- [Directions]:
Read the data below. Every line holding the string "From" must be copied.

- [Information shown]:
⁂

(* Let $\mathcal S_1=(C,\phi_1,F)$ and $\mathcal S_2=(C,\phi_2,F)$ be two systems with common component set $C=[n]$, semicoherent structure functions $\phi_1,\phi_2$, and common lifetime distribution $F$ having no ties. Suppose that \[ \Pr\big(\mathbf X(t_1)=\mathbf x\text{ and }\mathbf X(t_2)=\mathbf y\big)=\Pr\big(\mathbf X(t_1)=\sigma(\mathbf x)\text{ and }\mathbf X(t_2)=\sigma(\mathbf y)\big) \] for all $\mathbf x,\mathbf y\in\{0,1\}^n$, all $t_1,t_2\ge0$ and all $\sigma\in\mathfrak S_n$. Then for all $t_1,t_2\ge0$, \[ \overline F_{\mathcal S_1,\mathcal S_2}(t_1,t_2)=\sum_{k=1}^n\sum_{l=1}^n s_{k,l}\,\overline F_{k:n,l:n}(t_1,t_2). \]
   Context: Let $n\ge1$, $C=[n]$, and let $T_1,\ldots,T_n$ be nonnegative random component lifetimes with joint c.d.f. $F$ having no ties. $\mathfrak S_n$ is the symmetric group on $[n]$, and for $\mathbf x\in\{0,1\}^n$, $\sigma(\mathbf x)=(x_{\sigma^{-1}(1)},\ldots,x_{\sigma^{-1}(n)})$. A structure function $\phi\colon\{0,1\}^n\to\{0,1\}$ is semicoherent if nondecreasing in each variable with $\phi(0,\ldots,0)=0$, $\phi(1,\ldots,1)=1$; Boolean vectors are identified with subsets via $x_i=1\iff i\in A$. For $t\ge0$, $X_j(t)=\mathrm{Ind}(T_j>t)$, $\mathbf X(t)=(X_1(t),\ldots,X_n(t))$; the lifetime $T_{\mathcal S}$ of $\mathcal S=(C,\phi,F)$ is the random time with $\phi(\mathbf X(t))=1$ iff $t<T_{\mathcal S}$. $T_{k:n}$ is the $k$-th smallest lifetime. $\overline F_{\mathcal S_1,\mathcal S_2}(t_1,t_2)=\Pr(T_{\mathcal S_1}>t_1\text{ and }T_{\mathcal S_2}>t_2)$ and $\overline F_{k:n,l:n}(t_1,t_2)=\Pr(T_{k:n}>t_1\text{ and }T_{l:n}>t_2)$. The combinatorial joint structure signature $s_{k,l}$ ($k,l\in[n]$) is defined (independently of $F$) by $s_{k,l}=\overline S_{k-1,l-1}-\overline S_{k,l-1}-\overline S_{k-1,l}+\overline S_{k,l}$, where for $k,l\in\{0,\ldots,n\}$, \[ \overline S_{k,l}=\sum_{A\subseteq C,\ |A|=n-k}\ \sum_{B\subseteq C,\ |B|=n-l}q_0(A,B)\,\phi_1(A)\,\phi_2(B), \] and \[ q_0(A,B)=\begin{cases}\frac{(n-|A|)!\,(|A|-|B|)!\,|B|!}{n!} & \text{if } B\subseteq A,\\[2pt] \frac{(n-|B|)!\,(|B|-|A|)!\,|A|!}{n!} & \text{if } A\subseteq B,\\[2pt] 0 & \text{otherwise.}\end{cases} \] *)

From HB Require Import structures.
From mathcomp Require Import all_boot all_order all_algebra all_fingroup.
Set Implicit Arguments. Unset Strict Implicit. Unset Printing Implicit Defensive.
Import Order.TTheory GRing.Theory Num.Theory.
Local Open Scope ring_scope.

⁂

- [Output of the exercise]:
From HB Require Import structures.
From mathcomp Require Import all_boot all_order all_algebra all_fingroup.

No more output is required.